These data correspond well with our findings here. In addition, we report for the first time that different brewer’s yeast strains render different beer proteomes; i.e. Exg1 and Bgl2 are identified in the KVL011 beers, whereas in the WLP001 beer only Exg1 is identified. These data strongly indicate that changes

in the beer proteome are strain dependent. Identification of released yeast di-sulphide anchored proteins Uth1, Exg1 and Bgl2 in beer indicates the existence of a reducing environment which can be beneficial for the beer quality by reducing and liberating cell wall anchored yeast proteins. Overexpression of β-glucanases, like Exg1 and Blg2, in genetically modified brewer’s yeast strains, have shown positive effects on filtration of beer, due to increased degradation of β-glucans interfering with filtration [37, 38]. Also in wine fermentations, an elevated production of Exg1 has Selleckchem Bortezomib positive effects on the quality of the end product due to an increased production of volatile products [39]. Uth1 could be speculated to function as an antioxidant or chelator of transition metals in beer due to its conserved cysteine residue motive with a putative Fe-binding motive [31]. A controlled release of these cell wall anchored proteins could contribute to improved BMS-354825 in vivo beer quality. It

should be stressed that our study, using immature beer, only reveals a very limited number of yeast proteins in the beer as compared to the reports of e.g. Fasoli et al. (2010) and Konecna et al. (2012). Rebamipide These authors investigate commercial beers that are most likely fully mature and pasteurized [4, 5], although not specifically stated, thereby explaining the higher number of identified yeast proteins due to cell lysis. Conclusion In this study we find that the proteome of immature beer is dependent on the brewer’s yeast strain used. These data suggest a potential of using different yeast strains to gain wanted protein-related traits of beer, such as e.g. filtration ability and oxidative stability. Acknowledgements This project was financed by the Danish Ministry of Food Agriculture

and Fisheries, project no. 3304-FVFP-07. We thank Chris White from White Labs, San Diego, USA, for providing us with yeast strains.
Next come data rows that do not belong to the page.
(* Let $d\ge 2$ be an integer, let $\alpha_0,\alpha_{d+1},\beta_0,\beta_{d+1}\in\mathbb R$ and $\mathbf a,\mathbf b\in\mathbb R^d$. Define the symmetric $(d+1)\times(d+1)$ matrices $$A=\begin{pmatrix}\alpha_0\,\mathrm{Id}_d & -2\mathbf a\\ -2\mathbf a^T & 2\alpha_{d+1}\end{pmatrix},\qquad B=\begin{pmatrix}\beta_0\,\mathrm{Id}_d & -2\mathbf b\\ -2\mathbf b^T & 2\beta_{d+1}\end{pmatrix},$$ where $\mathrm{Id}_d$ is the $d\times d$ identity matrix, and assume that $A$ is positive definite. Set $$\Delta=\big(4\,\mathbf a^T\mathbf b-(\beta_{d+1}\alpha_0+\beta_0\alpha_{d+1})\big)^2-4\big(2\Vert\mathbf a\Vert^2-\alpha_0\alpha_{d+1}\big)\big(2\Vert\mathbf b\Vert^2-\beta_0\beta_{d+1}\big).$$ Then $\Delta\ge 0$, $4\Vert\mathbf a\Vert^2-2\alpha_0\alpha_{d+1}\neq 0$, and, with $$\lambda_\pm=\frac{\big(-4\,\mathbf a^T\mathbf b+(\beta_{d+1}\alpha_0+\beta_0\alpha_{d+1})\big)\pm\sqrt{\Delta}}{4\Vert\mathbf a\Vert^2-2\alpha_0\alpha_{d+1}},$$ one has $$\max_{\mathbf z\in\mathbb R^{d+1}\setminus\{0\}}\frac{\vert\mathbf z^TB\mathbf z\vert}{\mathbf z^TA\mathbf z}=\rho\big(A^{-1/2}BA^{-1/2}\big)=\max\Big(\frac{\vert\beta_0\vert}{\alpha_0},\ \vert\lambda_+\vert,\ \vert\lambda_-\vert\Big),$$ where $\rho(\cdot)$ denotes the spectral radius and $A^{-1/2}$ is the inverse of the symmetric positive definite square root of $A$.
   Context: $\Vert\cdot\Vert$ is the Euclidean norm on $\mathbb R^d$. This computation is used to determine the blending coefficients guaranteeing positivity of internal energy in a bound-preserving scheme for the Euler equations, via the ratio $\vert(\Delta\hat{\mathbf f})^T\psi(\mathbf w)\vert/(\mathbf u^{\star})^T\psi(\mathbf w)$ with $\psi(\mathbf w)=(\tfrac{\Vert\mathbf w\Vert^2}{2},-\mathbf w,1)$, after homogenizing $\mathbf w\mapsto\mathbf w/w_{d+1}$ and setting $\mathbf z=(\mathbf w,w_{d+1})$. *)

From HB Require Import structures.
From mathcomp Require Import all_boot all_order all_algebra.
From mathcomp Require Import complex.
Set Implicit Arguments. Unset Strict Implicit. Unset Printing Implicit Defensive.
Import Order.TTheory GRing.Theory Num.Theory.
Local Open Scope ring_scope.

Definition dotv (R : rcfType) (d : nat) (u v : 'cV[R]_d) : R :=
  \sum_(i < d) u i 0 * v i 0.

Definition qform (R : rcfType) (n : nat) (M : 'M[R]_n) (z : 'cV[R]_n) : R :=
  (z^T *m M *m z) 0 0.

Definition posdef (R : rcfType) (n : nat) (M : 'M[R]_n) : Prop :=
  M^T = M /\ forall z : 'cV[R]_n, z != 0 -> 0 < qform M z.

Definition is_spd_sqrt (R : rcfType) (n : nat) (A S : 'M[R]_n) : Prop :=
  posdef S /\ S *m S = A.

Definition blockM (R : rcfType) (d : nat) (c0 c1 : R) (v : 'cV[R]_d)
  : 'M[R]_(d + 1) :=
  block_mx (c0%:M) (- (2 : R) *: v) (- (2 : R) *: v^T) ((2 * c1)%:M).

Definition is_max_ratio (R : rcfType) (n : nat) (A B : 'M[R]_n) (m : R) : Prop :=
  (exists2 z : 'cV[R]_n, z != 0 & `|qform B z| / qform A z = m) /\
  (forall z : 'cV[R]_n, z != 0 -> `|qform B z| / qform A z <= m).
(* The Banach spaces $ces_\infty$ and $\ell_\infty$ are not isomorphic.
   Context: $ces_\infty$ is the space of real sequences $a=(a_n)_{n\ge1}$ with $\|a\|=\sup_{n\ge1}\frac1n\sum_{k=1}^n|a_k|<\infty$. ''Isomorphic'' means linearly isomorphic as Banach spaces. *)

From HB Require Import structures.
From mathcomp Require Import all_boot all_order all_algebra.
From mathcomp Require Import all_classical all_reals.
Set Implicit Arguments. Unset Strict Implicit. Unset Printing Implicit Defensive.
Import Order.TTheory GRing.Theory Num.Theory.
Local Open Scope ring_scope.
Local Open Scope classical_set_scope.

(* Sequences are indexed from 0: a 0 corresponds to a_1 in the paper. *)

Definition ces_avg (R : realType) (a : nat -> R) (n : nat) : R :=
  (n.+1%:R)^-1 * \sum_(k < n.+1) `|a k|.

Definition in_ces_infty (R : realType) (a : nat -> R) : Prop :=
  exists M : R, forall n, ces_avg a n <= M.

Definition ces_norm (R : realType) (a : nat -> R) : R :=
  sup (range (ces_avg a)).

Definition in_l_infty (R : realType) (a : nat -> R) : Prop :=
  exists M : R, forall n, `|a n| <= M.

Definition linf_norm (R : realType) (a : nat -> R) : R :=
  sup (range (fun n => `|a n|)).

(* T (defined on all sequences, only its restriction to ces_infty matters)
   is a linear isomorphism of Banach spaces from ces_infty onto l_infty:
   linear, bijective, bounded with bounded inverse. *)
Definition ces_linf_isomorphism (R : realType) (T : (nat -> R) -> (nat -> R))
  : Prop :=
  (forall a, in_ces_infty a -> in_l_infty (T a)) /\
      (forall a b, in_ces_infty a -> in_ces_infty b ->
          T (fun n => a n + b n) = (fun n => T a n + T b n)) /\
      (forall (r : R) a, in_ces_infty a ->
          T (fun n => r * a n) = (fun n => r * T a n)) /\
      (forall a b, in_ces_infty a -> in_ces_infty b -> T a = T b -> a = b) /\
      (forall y, in_l_infty y -> exists2 a, in_ces_infty a & T a = y) /\
    (exists c C : R, 0 < c /\ 0 < C /\
        forall a, in_ces_infty a ->
          c * ces_norm a <= linf_norm (T a) /\ linf_norm (T a) <= C * ces_norm a).

(* Suppose T : ces_infty -> l_infty is an isomorphism with c ||a|| <= ||T a||
   <= C ||a||.  For i < N, the functionals t_i y := (T^-1 y)(N + i) / N form an
   operator l_infty -> l_1^N of norm at most 2 / c, because a Cesaro norm
   controls the average of |a| over the block [N, 2N).  The vectors
   u_i := T (N e_(N+i)) have sup norm at most C and satisfy t_i u_i = 1.
   Rounding the u_i to a finite grid reduces everything to finitely many
   indicator sequences, on which Khintchine's inequality (with constant
   sqrt 3, from the second and fourth moments of Rademacher sums) yields
   N <= 12 C^2 (2 / c)^2; this fails for N large. *)

From mathcomp Require Import all_boot all_order all_algebra.
From mathcomp Require Import all_classical all_reals.
From mathcomp Require Import ring lra.
Lemma rayleigh_min_stationary v mu : rnorm2 v = 1 -> orth v -> mu = bform S v v ->
  (forall w, orth w -> mu * rnorm2 w <= bform S w w) ->
  forall w, orth w -> bform S v w = mu * bform 1%:M v w.
Proof.
move=> v1 vc muE Hmin w wc.
suff /(congr1 (fun x => x / 2)) : 2 * (bform S v w - mu * bform 1%:M v w) = 0.
  by rewrite mul0r mulrC mulKf ?pnatr_eq0 // => /eqP; rewrite subr_eq0 => /eqP.
apply: (@linear_quadratic_ge0 _ (bform S w w - mu * rnorm2 w)) => t.
have : orth (v + t *: w) by rewrite /orth bformDl bformZl vc wc mulr0 addr0.
move/Hmin; rewrite /rnorm2 !(bformDl, bformDr, bformZl, bformZr) -/(rnorm2 v) v1.
rewrite [bform S w v]bformC // [bform 1%:M w v]bformC ?trmx1 // -muE -subr_ge0.
by rewrite /rnorm2; nra.
Qed.

Lemma rayleigh : (exists v0, rnorm2 v0 = 1 /\ orth v0) ->
  exists v mu, [/\ rnorm2 v = 1, orth v,
    forall w, orth w -> mu * rnorm2 w <= bform S w w &
    forall w, orth w -> bform S v w = mu * bform 1%:M v w].
Proof.
move=> /rayleigh_min_exists[v [v1 vc] vmin].
exists v, (bform S v v); split => //.
exact: rayleigh_min_stationary.
Qed.

End Rayleigh.

Section CharPolyKernel.
Variable R : realType.

Lemma X2_ndvd_prod_XsubC (s : seq R) : sorted <=%R s -> 0 < nth 0 s 1 ->
  ~~ ('X ^+ 2 %| \prod_(x <- s) ('X - x%:P)).
Proof.
case: s => [|s0 [|s1 s']] //=; rewrite ?ltxx // => srt s1p.
rewrite big_cons; set P := \prod_(_ <- _) _.
have nr : ~~ root P 0.
  rewrite /P root_prod_XsubC inE negb_or eq_sym (gt_eqF s1p) /=.
  move/andP: srt => [_ /(order_path_min le_trans)/allP s1min].
  by apply/negP => /s1min; rewrite leNgt s1p.
have cp : coprimep ('X ^+ 2) P.
  apply: coprimep_expl; rewrite coprimep_sym -[X in coprimep _ X]subr0.
  by rewrite -polyC0 coprimep_XsubC.
rewrite Gauss_dvdpl //; apply/negP => /dvdp_leq.
by rewrite -size_poly_eq0 size_XsubC size_polyXn => /(_ isT).
Qed.

Lemma unitmx_of_sqr_sub1_eq0 n (E : 'M[R]_n) :
  (E - 1%:M) *m (E - 1%:M) = 0 -> E \in unitmx.
Proof.
move=> N2; have : E *m (1%:M - (E - 1%:M)) = 1%:M.
  rewrite -{1}(subrK 1%:M E) mulmxDl mulmxBr N2 mul1mx mulmx1 subr0.
  by rewrite addrC subrK.
by case/mulmx1_unit.
Qed.

Lemma char_poly_mx_mul_polyC n (L : 'M[R]_n) (u : 'cV[R]_n) a :
  \sum_k char_poly_mx L a k * (u k 0)%:P = 'X * (u a 0)%:P - ((L *m u) a 0)%:P.
Proof.
under eq_bigr do rewrite !mxE mulrBl.
rewrite sumrB (bigD1 a) //= eqxx mulr1n big1 ?addr0; last first.
  by move=> k /negbTE; rewrite eq_sym => ->; rewrite mulr0n mul0r.
rewrite mxE rmorph_sum; congr (_ - _); apply: eq_bigr => k _.
by rewrite rmorphM.
Qed.
Lemma gamma_type3_loc_iso (M : tModule) (k : nat) :
  gamma_type3 M k -> loc_iso M (CMod k).
Proof.
  intros [k_gt0 [c [T [c_nonzero [c_inj [c_shift [trees [_ [_ cover]]]]]]]]].
  assert (mod_lt : forall i, i mod k < k) by (intro i; apply Nat.mod_upper_bound; lia).
  refine (loc_iso_of_core M (Z.of_nat k) (fun i => c (i mod k)) _ _
            (fun i => c_nonzero _ (mod_lt i)) _ _ _ (CMod_periodic_orbit k k_gt0)).
  - intro i. rewrite c_shift by apply mod_lt.
    rewrite <- (Nat.add_1_r (i mod k)), <- (Nat.add_1_r i), Nat.Div0.add_mod_idemp_l.
    reflexivity.
  - intros i j. rewrite <- !Nat2Z.inj_mod. split.
    + intros E. rewrite (c_inj _ _ (mod_lt i) (mod_lt j) E). reflexivity.
    + intros E. apply Nat2Z.inj in E. rewrite E. reflexivity.
  - intros m Hm. destruct (cover m Hm) as [j [j_lt Tm]].
    destruct (rooted_tree_reaches_root M (T j) (c j) m (trees j j_lt) Tm) as [n Hn].
    exists n, j. rewrite Nat.mod_small by exact j_lt. exact Hn.
Qed.

Theorem mainTheorem11 (M : tModule) :
  fin_gen M -> indecomposable M ->
  (gamma_type1 M -> loc_iso M zeroMod) /\
  (gamma_type2 M -> loc_iso M LMod) /\
  (forall k : nat, gamma_type3 M k -> loc_iso M (CMod k)).
Proof.
  intros _ _. split; [|split].
  - intro type1. apply loc_iso_zero_of_nilpotent, gamma_type1_nilpotent, type1.
  - apply gamma_type2_loc_iso.
  - apply gamma_type3_loc_iso.
Qed.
We are also grateful for the sublime 2-DE and MS guidance obtained from Anne Blicher, Birgit Andersen and Avishek Majumder, Enzyme and Protein Chemistry, Department of Systems Biology, Technical University of Denmark, DK. Electronic supplementary material Additional file 1: MS/MS Spectra’s for single peptide identification. (DOC 48 KB) References 1. Bamforth CW: Perceptions of beer foam. J I Brewing 2000,106(4):229–238.CrossRef 2. Bamforth CW: The foaming properties of beer. J I Brewing 1985,91(6):370–383.CrossRef 3. Siebert KJ, Carrasco A, Lynn PY: Formation of protein-polyphenol haze in beverages. J Agr Food Chem 1996,44(8):1997–2005.CrossRef 4.